Lemma affine_image_ocitv (c s : R) (X : set (ocitv_type R)) : 0 < s -> ocitv X ->
  ocitv (affine_image c s X) /\
  wlength idfun (affine_image c s X) = (s%:E * wlength idfun X)%E.
Proof.
move=> s0 /ocitvP [->|[[a b] /= ab ->]].
  by rewrite /affine_image image_set0 wlength0 mule0; split => //; exact: ocitv0.
rewrite affine_image_itv //; split; first exact: is_ocitv.
have hab : c + s * a <= c + s * b by rewrite lerD2l ler_pM2l // ltW.
by rewrite !wlength_itv_bnd ?(ltW ab) //= -EFinM; congr (_%:E); ring.
Qed.

(* Covering A by half-open intervals and mapping the cover gives
   mstar (c + s A) <= s * mstar A. *)
Lemma outer_affine_le (c s : R) (A : set R) : 0 < s ->
  (mstar (affine_image c s A) <= s%:E * mstar A)%E.
Proof.
move=> s0; rewrite /mu_ext -ereal_inf_pZl //; apply: ereal_inf_le_tmp.
move=> _ [_ [F [mF AF] <-] <-].
exists (fun k => affine_image c s (F k)).
  split; first by move=> i; have [h _] := affine_image_ocitv c s0 (mF i).
  move=> _ [x Ax <-]; have [i _ Fix] := AF x Ax.
  by exists i => //; exists x.
rewrite -nneseriesZl; last by move=> i _; exact: wlength_ge0.
by apply: eq_eseriesr => i _; have [_ h] := affine_image_ocitv c s0 (mF i).
Qed.

Definition translate (t : R) (A : set R) : set R := [set y | A (y - t)].

Lemma translate_affine t A : translate t A = affine_image t 1 A.
Proof.
apply/seteqP; split => y.
  by rewrite /translate /= => h; exists (y - t) => //; rewrite mul1r addrC subrK.
by case=> x Ax <-; rewrite /translate /= mul1r addrAC subrr add0r.
Qed.

Lemma translateK t A : translate (- t) (translate t A) = A.
Proof. by apply/seteqP; split => y; rewrite /translate /= opprK addrK. Qed.

Lemma outer_translate t A : mstar (translate t A) = mstar A.
Proof.
have le_tr u B : (mstar (translate u B) <= mstar B)%E.
  by rewrite translate_affine; have := @outer_affine_le u 1 B ltr01; rewrite mul1e.
by apply/eqP; rewrite eq_le le_tr /= -{1}(translateK t A) le_tr.
Qed.

Lemma caratheodory_translate t A :
  mstar.-caratheodory A -> mstar.-caratheodory (translate t A).
Proof.
move=> hA X.
have e1 : X `&` translate t A = translate t (translate (- t) X `&` A).
  by apply/seteqP; split => y; rewrite /translate /= opprK subrK.
have e2 : X `&` ~` translate t A = translate t (translate (- t) X `&` ~` A).
  by apply/seteqP; split => y; rewrite /translate /= opprK subrK.
by rewrite e1 e2 !outer_translate -(outer_translate (- t) X); exact: hA.
Qed.

Lemma outer_ocitv (a b : R) : a <= b -> mstar `]a, b]%classic = (b - a)%:E.
Proof.
move=> ab; rewrite (@measurable_mu_extE _ _ _ (@wlength R idfun) `]a, b]%classic).
  exact: wlength_itv_bnd.
exact: is_ocitv.
Qed.
Lemma nth_block L i p j : (j < p)%nat -> nth j (block L i p) 0 = nth (i + j) L 0.
Proof.
  intros Hj. unfold block.
  rewrite nth_indep with (d' := (fun t => nth t L 0) 0%nat) by (rewrite length_map, length_seq; lia).
  rewrite (map_nth (fun t => nth t L 0)), seq_nth; auto.
Qed.

Lemma block_ext L1 L2 i p :
  (forall j, (j < p)%nat -> nth (i + j) L1 0 = nth (i + j) L2 0) -> block L1 i p = block L2 i p.
Proof.
  intros H. apply nth_ext with 0 0; rewrite ?length_block; auto.
  intros j Hj. rewrite !nth_block; auto.
Qed.

Lemma block_app_r L z i p : (length L <= i)%nat -> block (L ++ z) i p = block z (i - length L) p.
Proof.
  intros H. apply nth_ext with 0 0; rewrite ?length_block; auto.
  intros j Hj. rewrite !nth_block by auto. rewrite app_nth2 by lia. f_equal; lia.
Qed.

Lemma block_app_l L z i p : (i + p <= length L)%nat -> block (L ++ z) i p = block L i p.
Proof. intros H. apply block_ext. intros j Hj. apply app_nth1; lia. Qed.

Lemma block_full z : block z 0 (length z) = z.
Proof.
  apply nth_ext with 0 0; rewrite ?length_block; auto.
  intros j Hj. now rewrite nth_block.
Qed.

Lemma block_app L z : block (L ++ z) (length L) (length z) = z.
Proof. rewrite block_app_r, Nat.sub_diag by lia. apply block_full. Qed.

Lemma block_app_at P X W i p : length P = i -> length X = p -> block ((P ++ X) ++ W) i p = X.
Proof.
  intros <- <-. rewrite block_app_l by (rewrite length_app; lia). apply block_app.
Qed.

Lemma block_skipn L k p : length L = (k + p)%nat -> block L k p = skipn k L.
Proof.
  intros H. rewrite <- (firstn_skipn k L) at 1.
  rewrite block_app_r, length_firstn by (rewrite length_firstn; lia).
  replace (k - Nat.min k (length L))%nat with 0%nat by lia.
  replace p with (length (skipn k L)) by (rewrite length_skipn; lia). apply block_full.
Qed.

### Required action:
Reproduce the lines above, beginning at the line with "apply/seteqP; split => y." and stopping after the line with "Lemma caratheodory_translate t", exactly as they are.

### Answer section:
apply/seteqP; split => y.
  by rewrite /translate /= => h; exists (y - t) => //; rewrite mul1r addrC subrK.
by case=> x Ax <-; rewrite /translate /= mul1r addrAC subrr add0r.
Qed.

Lemma translateK t A : translate (- t) (translate t A) = A.
Proof. by apply/seteqP; split => y; rewrite /translate /= opprK addrK. Qed.

Lemma outer_translate t A : mstar (translate t A) = mstar A.
Proof.
have le_tr u B : (mstar (translate u B) <= mstar B)%E.
  by rewrite translate_affine; have := @outer_affine_le u 1 B ltr01; rewrite mul1e.
by apply/eqP; rewrite eq_le le_tr /= -{1}(translateK t A) le_tr.
Qed.

Lemma caratheodory_translate t A :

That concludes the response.